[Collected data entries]
Section measurable_bool.
Context d (T : measurableType d) (R : realType).

Lemma measurable_set_bool (b : T -> bool) :
  measurable_fun setT b -> measurable [set x | b x].
Proof. by move=> mb; rewrite -[X in measurable X]setTI; exact: mb. Qed.

Lemma measurable_fun_mem (D : set T) (f : T -> R) (s : seq R) :
  measurable_fun D f -> measurable_fun D (fun x => f x \in s).
Proof.
move=> mf; elim: s => [|y s IHs]; first exact: measurable_cst.
under eq_fun do rewrite in_cons.
by apply: measurable_or => //; exact: measurable_fun_eqr.
Qed.

Lemma measurable_fun_sumn (I : Type) (r : seq I) (F : I -> T -> nat) :
  (forall i, measurable_fun setT (F i)) ->
  measurable_fun setT (fun x => \sum_(i <- r) F i x)%N.
Proof.
move=> mF; elim: r => [|i r IHr].
  by under eq_fun do rewrite big_nil; exact: measurable_cst.
by under eq_fun do rewrite big_cons; exact: measurable_fun_addn.
Qed.

Lemma measurable_fun_card (I : finType) (b : I -> T -> bool) :
  (forall i, measurable_fun setT (b i)) ->
  measurable_fun setT (fun x => #|[pred i | b i x]|).
Proof.
move=> mb.
have -> : (fun x => #|[pred i | b i x]|) =
          (fun x => \sum_(i <- enum I) if b i x then 1 else 0)%N.
  by apply/funext => x; rewrite -sum1_card big_mkcond big_enum.
by apply: measurable_fun_sumn => i; exact: measurable_fun_ifT.
Qed.

End measurable_bool.

Section integral_comparison.
Local Open Scope ereal_scope.
Context d (T : measurableType d) (R : realType).
Variable mu : {measure set T -> \bar R}.

Lemma integral_lt_pinfty_indic (f : T -> \bar R) (A : set T) (K : R) :
  measurable A -> mu A < +oo -> (0 <= K)%R -> measurable_fun setT f ->
  (forall x, 0 <= f x) -> (forall x, f x <= K%:E * (\1_A x)%:E) ->
  \int[mu]_x f x < +oo.
Proof.
move=> mA muA K0 mf f0 fK.
have mi : measurable_fun setT (fun x => (\1_A x)%:E : \bar R).
  by apply/measurable_EFinP; exact: measurable_indic.
apply: (le_lt_trans (ge0_le_integral mu measurableT (fun x _ => f0 x) mf _
  (fun x _ => fK x))); first exact: emeasurable_funM mi.
have i0 (x : T) : [set: T] x -> 0 <= (\1_A x : R)%:E by rewrite lee_fin.
rewrite (ge0_integralZl mu measurableT mi i0) ?lee_fin // integral_indic //.
by rewrite setIT; apply: lte_mul_pinfty; rewrite ?lee_fin.
Qed.

Lemma ge0_lt_integral (f g : T -> \bar R) (D : set T) :
  measurable_fun setT f -> measurable_fun setT g ->
  (forall x, 0 <= f x) -> (forall x, f x \is a fin_num) ->
  \int[mu]_x f x < +oo -> (forall x, f x <= g x) ->
  measurable D -> 0 < mu D -> (forall x, D x -> f x < g x) ->
  \int[mu]_x f x < \int[mu]_x g x.
Proof.
move=> mf mg f0 ffin intf fg mD muD fgD.
rewrite ltNge; apply/negP => intgf.
pose h x := g x - f x.
have h0 x : 0 <= h x by rewrite suber_ge0.
have mh : measurable_fun setT h by exact: emeasurable_funB.
have intg : \int[mu]_x g x = \int[mu]_x f x + \int[mu]_x h x.
  rewrite -ge0_integralD //; apply: eq_integral => x _.
  by rewrite /h addeC subeK.
have inth : \int[mu]_x h x = 0.
  apply/eqP; rewrite eq_le integral_ge0 // andbT leNgt; apply/negP => inth.
  move: intgf; rewrite intg leNgt lteDl ?inth //.
  by rewrite ge0_fin_numE // integral_ge0.
have [N [mN muN hN]] : ae_eq mu setT h (cst 0).
  apply/(ae_eq_integral_abs mu measurableT mh); rewrite -inth.
  by apply: eq_integral => x _; rewrite gee0_abs.
have : mu D <= mu N.
  apply: le_measure; rewrite ?inE // => x Dx; apply: hN => /(_ I) hx.
  by move: (fgD x Dx); rewrite -sube_gt0 -/(h x) hx ltxx.
by rewrite muN leNgt muD.
Qed.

What needs to be done ::
The lines you need are those with the word "intgf"; list them from the entries.

Result ::
rewrite ltNge; apply/negP => intgf.
  move: intgf; rewrite intg leNgt lteDl ?inth //.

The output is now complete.